I was definitely a Commodore kid, and BASIC was my first language. Maybe it’s nostalgia, but I still like BASIC for hobby stuff.
oh the memories - I started with Commodore BASIC on the C-64. Second Basic (after 6502 Assembler) was AmigaBasic. Oh god, it was soooo slow. Scrolling though your code, you could watch the lines being printed. Finally I bought (!) GFA Basic - that was great! Probably spoiled my programming habits till now! :)
Thanks, BASIC, for teaching me so much I had to later unlearn in order to not be a garbage programmer.
The first time I tried another programming language, I was confused as to how to write code without using GOTO.
I learned TI BASIC on a Texas Instruments 99/4a back in the very early 80s. Wrote some programs from magazines, saved them on tapes, and went on to automate D&D character creation in an attempt to rules-lawyer an all-PC dwarf army.

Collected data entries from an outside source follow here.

Lemma sum_legendre_pairs (c : nat -> R) p :
  \sum_(1 <= m < p.+1) c m *: (L m + L m.-1) = \sum_(k < p.+1) legendre_coef c p k *: L k.
Proof.
under eq_bigr do rewrite scalerDr; under [RHS]eq_bigr do rewrite scalerDl.
rewrite !big_split /= !big_add1 /= !big_mkord; congr (_ + _).
  by rewrite big_ord_recl /= scale0r add0r.
by rewrite big_ord_recr /= ltnn scale0r addr0; apply: eq_bigr => k _; rewrite ltn_ord.
Qed.

Lemma horner_legendre_sum (a : nat -> R) n e : e ^+ 2 = 1 ->
  (\sum_(k < n) a k *: L k).[e] = \sum_(k < n) a k * e ^+ k.
Proof.
by move=> e2; rewrite horner_sum; apply: eq_bigr => k _; rewrite hornerZ horner_legendre_sign.
Qed.

Lemma L2sq_legendre_sum (a : nat -> R) n :
  L2sq (\sum_(k < n) a k *: L k) = \sum_(k < n) a k ^+ 2 * (2 / (2 * k + 1)%:R).
Proof.
rewrite L2sqE expr2 mulr_suml raddf_sum /=; apply: eq_bigr => i _.
rewrite mulr_sumr raddf_sum /= (bigD1 i) //= big1 => [|j j_neq_i].
  rewrite addr0 -scalerAl -scalerAr !linearZ /= legendre_orthogonal.
  by rewrite legendre_gram_diag mulrA -expr2.
by rewrite -scalerAl -scalerAr !linearZ /= legendre_orthogonal legendre_gram_off ?mulr0 // eq_sym.
Qed.
Lemma Delta_legendre_sum p (a : nat -> R) :
  Delta p (\sum_(k < p.+1) a k *: L k) (a p) =
  (2 * (\sum_(k < p) a k) - a p) ^+ 2 + p%:R ^+ 2 / (2 * p%:R + 1) * a p ^+ 2
  - 8 * p%:R ^+ 2 * (\sum_(k < p) a k ^+ 2 / (2 * k + 1)%:R).
Proof.
rewrite /Delta L2sq_legendre_sum horner_legendre_sum ?expr1n //.
under eq_bigr do rewrite expr1n mulr1.
under [X in _ * (_ * X + _)]eq_bigr do rewrite mulrCA.
rewrite !big_ord_recr /= -mulr_sumr natrD natrM.
by field; rewrite gt_eqF // ltr_wpDl ?mulr_ge0.
Qed.

Lemma legendre_sum_energy_gt0 p (a : nat -> R) :
  \sum_(k < p.+1) a k * (-1) ^+ k = 0 -> \sum_(k < p.+1) a k *: L k != 0 ->
  0 < \sum_(k < p) a k ^+ 2 / (2 * k + 1)%:R.
Proof.
move=> alt0 eta_neq0.
have term_ge0 (k : 'I_p) : true -> 0 <= a k ^+ 2 / (2 * k + 1)%:R.
  by rewrite divr_ge0 ?sqr_ge0.
rewrite lt0r sumr_ge0 // andbT; apply: contra_neq eta_neq0 => /(psumr_eq0P term_ge0) a0.
have ak0 (k : 'I_p) : a k = 0.
  by have /eqP := a0 k isT; rewrite mulf_eq0 invr_eq0 pnatr_eq0 addn1 orbF sqrf_eq0 => /eqP.
move: alt0; rewrite !big_ord_recr /= !big1 => [|k _|k _]; rewrite ?ak0 ?mul0r ?scale0r //.
by rewrite !add0r => /eqP; rewrite mulf_eq0 signr_eq0 orbF => /eqP->; rewrite scale0r.
Qed.
End Expansion.

Arguments legendre_coef {R}.

Theorem lemma10 (R : realType) (p : nat) (hp1 : (1 <= p)%N) (hp2 : (p <= 13)%N)
  (eta : {poly R}) (c : nat -> R) :
  (size eta <= p.+1)%N ->
  eta.[-1] = 0 ->
  eta = \sum_(1 <= m < p.+1) c m *: (legendre R m + legendre R m.-1) ->
  eta != 0 ->
  Delta p eta (c p) < 0.
Proof.
(* The degree bound is implied by the expansion of [eta]. *)
move=> _ eta_m1 eta_def eta_neq0.
rewrite {}eta_def sum_legendre_pairs in eta_m1 eta_neq0 *.
set a := legendre_coef c p in eta_m1 eta_neq0 *.
have -> : c p = a p by rewrite /a /legendre_coef ltnn addr0 ifN // -lt0n.
rewrite horner_legendre_sum ?sqrrN ?expr1n // in eta_m1.
rewrite Delta_legendre_sum subr_lt0 quadratic_bound_lt ?ler1n ?ler_nat //.
- exact: legendre_sum_energy_gt0.
- exact: sum_sqr_div_odd_ge.
Qed.
Lemma two_isometry_wshift :
  (forall n, 1 - 2 * a n ^ 2 + a n ^ 2 * a (S n) ^ 2 = 0) -> m_isometry 2 wshift.
Proof.
  intro Ha; split; [exact bounded_wshift|intros x Hx].
  assert (Hx1 := proj1 (proj2 bounded_wshift) x Hx).
  assert (Hx2 := proj1 (proj2 bounded_wshift) _ Hx1).
  assert (Hsq : forall n, a n ^ 2 <= K ^ 2)
    by (intro n; rewrite <- pow2_abs; apply pow_incr; split; [apply Rabs_pos|apply Rabs_a_le]).
  assert (Hex1 : ex_series (fun n => a n ^ 2 * Cmod (x n) ^ 2)).
  { apply (ex_series_ext_R (fun n => Cmod (diag_op a x n) ^ 2)); [intro; apply Cmod_RtoC_mult_sqr|].
    apply (Series_diag_op_le a K x Rabs_a_le Hx). }
  assert (Hex2 : ex_series (fun n => a (S n) ^ 2 * (a n ^ 2 * Cmod (x n) ^ 2))).
  { apply ex_series_le_nonneg with (fun n => K ^ 2 * (a n ^ 2 * Cmod (x n) ^ 2));
      [|apply ex_series_scal_R, Hex1].
    intro n; assert (0 <= a n ^ 2 * Cmod (x n) ^ 2) by (apply Rmult_le_pos; apply pow2_ge_0).
    split; [apply Rmult_le_pos; [apply pow2_ge_0|assumption]|].
    apply Rmult_le_compat_r; [assumption|apply Hsq]. }
  assert (E1 := Series_wshift x); assert (E2 := Series_wshift (wshift x)).
  rewrite (Series_incr_1_aux (fun n => a n ^ 2 * Cmod (wshift x n) ^ 2)) in E2
    by (simpl; rewrite Cmod_0; ring).
  rewrite (Series_ext (fun n => a (S n) ^ 2 * Cmod (wshift x (S n)) ^ 2)
                      (fun n => a (S n) ^ 2 * (a n ^ 2 * Cmod (x n) ^ 2))) in E2
    by (intro n; change (wshift x (S n)) with (RtoC (a n) * x n)%C;
        rewrite Cmod_RtoC_mult_sqr; reflexivity).
  transitivity (l2norm x ^ 2 - 2 * l2norm (wshift x) ^ 2 + l2norm (wshift (wshift x)) ^ 2).
  { simpl; rewrite C_n_0, C_n_n; unfold Binomial.C; simpl; field. }
  rewrite !l2norm_sqr, E1, E2 by assumption.
  transitivity (Series (fun n => 1 * (1 * Cmod (x n) ^ 2 + -2 * (a n ^ 2 * Cmod (x n) ^ 2))
                                 + 1 * (a (S n) ^ 2 * (a n ^ 2 * Cmod (x n) ^ 2)))).
  - rewrite !Series_lincomb; try apply ex_series_lincomb; try assumption; ring.
  - rewrite <- Series_zero; apply Series_ext; intro n.
    transitivity ((1 - 2 * a n ^ 2 + a n ^ 2 * a (S n) ^ 2) * Cmod (x n) ^ 2); [ring|].
    rewrite Ha; ring.
Qed.

Definition aluthge_wshift (lam : R) : op :=
  fun x => diag_op (fun n => rpow (a n) lam) (shift (diag_op (fun n => rpow (a n) (1 - lam)) x)).

Lemma is_aluthge_wshift lam : 0 <= lam <= 1 -> is_aluthge lam wshift (aluthge_wshift lam).
Proof.
  intro Hlam; exists (diag_op a), shift, (diag_op (fun n => rpow (a n) lam)),
    (diag_op (fun n => rpow (a n) (1 - lam))).
  split; [apply is_modulus_wshift|split; [apply is_polar_isometry_wshift|]].
  split; [|split; [|reflexivity]]; apply is_frac_pow_diag_op; lra.
Qed.

Section Uniqueness.

Variables (Tabs V : op).
Hypothesis Tabs_modulus : is_modulus wshift Tabs.

Lemma modulus_wshift_sqr y : in_l2 y -> Tabs (Tabs y) = diag_op (fun n => a n ^ 2) y.
Proof.
  intro Hy; destruct Tabs_modulus as [_ [_ [Ts [HTs HSS]]]].
  rewrite HSS by exact Hy; seq_ext.
  rewrite (adjoint_wshift_eq Ts HTs _ (proj1 (proj2 bounded_wshift) y Hy)).
  unfold wshift, shift, diag_op; rewrite RtoC_pow; simpl; ring.
Qed.

(* [Tabs e_j] is an eigenvector of [Tabs^2 = diag (a^2)] for [a_j^2]; the
   weights being distinct, that eigenspace is the line through [e_j]. *)
Lemma modulus_wshift_basis_line j :
  Tabs (basis j) = scaleS (Tabs (basis j) j) (basis j).
Proof.
  destruct Tabs_modulus as [[HSl [HS_l2 _]] _].
  set (w := Tabs (basis j)).
  assert (HSw : Tabs w = scaleS (RtoC (a j ^ 2)) (basis j)).
  { unfold w; rewrite modulus_wshift_sqr by apply in_l2_basis.
    exact (diag_op_basis (fun n => a n ^ 2) j). }
  assert (E : Tabs (Tabs w) = scaleS (RtoC (a j ^ 2)) w)
    by (rewrite HSw, op_linear_scale by (auto; apply in_l2_basis); reflexivity).
  rewrite modulus_wshift_sqr in E by (apply HS_l2, in_l2_basis).
  seq_ext n; unfold scaleS, basis; destruct Nat.eq_dec as [->|Hn]; [ring|].
  rewrite Cmult_0_r; apply RtoC_mult_eq0 with (a n ^ 2 - a j ^ 2).
  - intro Hsq; apply Hn, a_inj; assert (H1 := a_pos n); assert (H2 := a_pos j); nra.
  - apply (f_equal (fun f => f n)) in E; unfold diag_op, scaleS in E.
    rewrite RtoC_minus; unfold Cminus; rewrite Cmult_plus_distr_r, E; ring.
Qed.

Fun fact, though: TI BASIC lived on until at least the late 90s, on the TI graphing calculators that everyone taking Algebra/Trig had to buy – or borrow from the school. I wrote a surreal choose-your-own-adventure game on my calculator, large enough that because of memory limitations, you couldn’t open the file to edit it without deleting another, ancillary file.

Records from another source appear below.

(* The shifting lemma of Gumm: in a congruence modular variety, if
   a /\ b <= c, then in every square x-u-v-y with vertical a-edges x a u,
   y a v and horizontal b-edges x b y, u b v, the c-relation shifts from the
   edge x-u to the edge y-v.  Modularity is applied in the algebra M(b). *)
Lemma shifting S E (HCM : congruence_modular E) (M : algebra S) (HM : satisfies M E)
  (a b c : M -> M -> Prop) : is_cong a -> is_cong b -> is_cong c ->
  rel_sub (cmeet a b) c ->
  forall x u y v, a x u -> a y v -> b x y -> b u v -> c x u -> c y v.
Proof.
move=> Ha Hb Hc Habc x u y v axu ayv bxy buv cxu.
pose mk (p q : M) (h : b p q) := exist (fun z : M * M => b z.1 z.2) (p, q) h.
pose diag := fun P Q : sub_alg Hb => exists p q, cmeet a c p q /\
  proj1_sig P = (p, p) /\ proj1_sig Q = (q, q).
pose Dp := cg diag.
pose ker1 := fun P Q : sub_alg Hb => pr1 P = pr1 Q.
pose a2 := cmeet (fun P Q : sub_alg Hb => a (pr1 P) (pr1 Q)) (fun P Q => a (pr2 P) (pr2 Q)).
pose c2 := fun P Q : sub_alg Hb => c (pr2 P) (pr2 Q).
have Hker1 : is_cong ker1 := preimage_cong (@pr1_hom _ _ _ Hb) (eq_cong M).
have Ha2 : is_cong a2.
  by apply: meet_cong; apply: preimage_cong Ha; [exact: pr1_hom | exact: pr2_hom].
have Hc2 : is_cong c2 := preimage_cong (@pr2_hom _ _ _ Hb) Hc.
have Dp_a2 : rel_sub Dp a2.
  apply: cg_least Ha2 _ => P Q [p [q [[hpq _] [eP eQ]]]].
  by rewrite /a2 /cmeet /pr1 /pr2 eP eQ.
have Dp_c2 : rel_sub Dp c2.
  apply: cg_least Hc2 _ => P Q [p [q [[_ hpq] [eP eQ]]]].
  by rewrite /c2 /pr2 eP eQ.
have ker1_c2 : rel_sub (cmeet ker1 a2) c2.
  move=> [[p1 p2] hp] [[q1 q2] hq]; rewrite /ker1 /a2 /c2 /pr1 /pr2 => -[/= e [_ h2]].
  subst q1; apply: Habc; split=> //=.
  exact: (cong_trans Hb (cong_sym Hb hp) hq).
have Hxy_uv : cjoin Dp ker1 (mk _ _ bxy) (mk _ _ buv).
  apply: (t_trans _ _ _ (mk x x (cong_refl Hb x))); first by apply: t_step; right.
  apply: (t_trans _ _ _ (mk u u (cong_refl Hb u))); last by apply: t_step; right.
  by apply: t_step; left; apply: cg_gen; exists x, u.
have Hmod := proj1 (HCM _ (sat_sub (Hr := Hb) HM) Dp ker1 a2 (cg_cong _) Hker1 Ha2 Dp_a2).
have := Hmod _ _ (conj Hxy_uv (conj axu ayv)).
exact: (join_least Hc2 Dp_c2 ker1_c2).
Qed.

And since you could transfer programs via a proprietary cable, I put that game on every school calculator and as many of my friends’ as wanted it. It was still there years later when I visited.
This is that real gangster shit in case any of you were wondering
I remember typing in BASIC programs from printed magazines. That’s how I got my start.
I bought a year’s subscription to Timex Sinclair User, which folded like four months later.
Easiest Hello World program ever was in BASIC.
10 PRINT "Hello World" 20 GOTO 10
Don’t even have to call a library or declare a variable! Meanwhile, I can’t even remember the shit you need to put in front of every C/C++ program (HREF/void.h or something; it’s usually there automatically these days in some compilers, like Visual Studio).
C
#include <stdio.h>
int main() {
printf(“Hello, world”);
return 0;
}
C++
#include <iostream>
int main() {
std::cout << “Hello, world” << std::endl;
return 0;
}
BBC BASIC was best BASIC. Fight me.
In a world with GORILLA.BAS and NIBBLES.BAS, I simply cannot reject the QBASIC faith with which I was raised.
I was taught QBASIC at school… in 2003.
DoDDS is weird.
There is an open source implementation of BBC Basic for modern systems that’s being actively developed - BBC BASIC for SDL 2.0.
It is great with lots of libraries. I am writing a game in it right now.
Can something really “turn 60” if it is dead, though?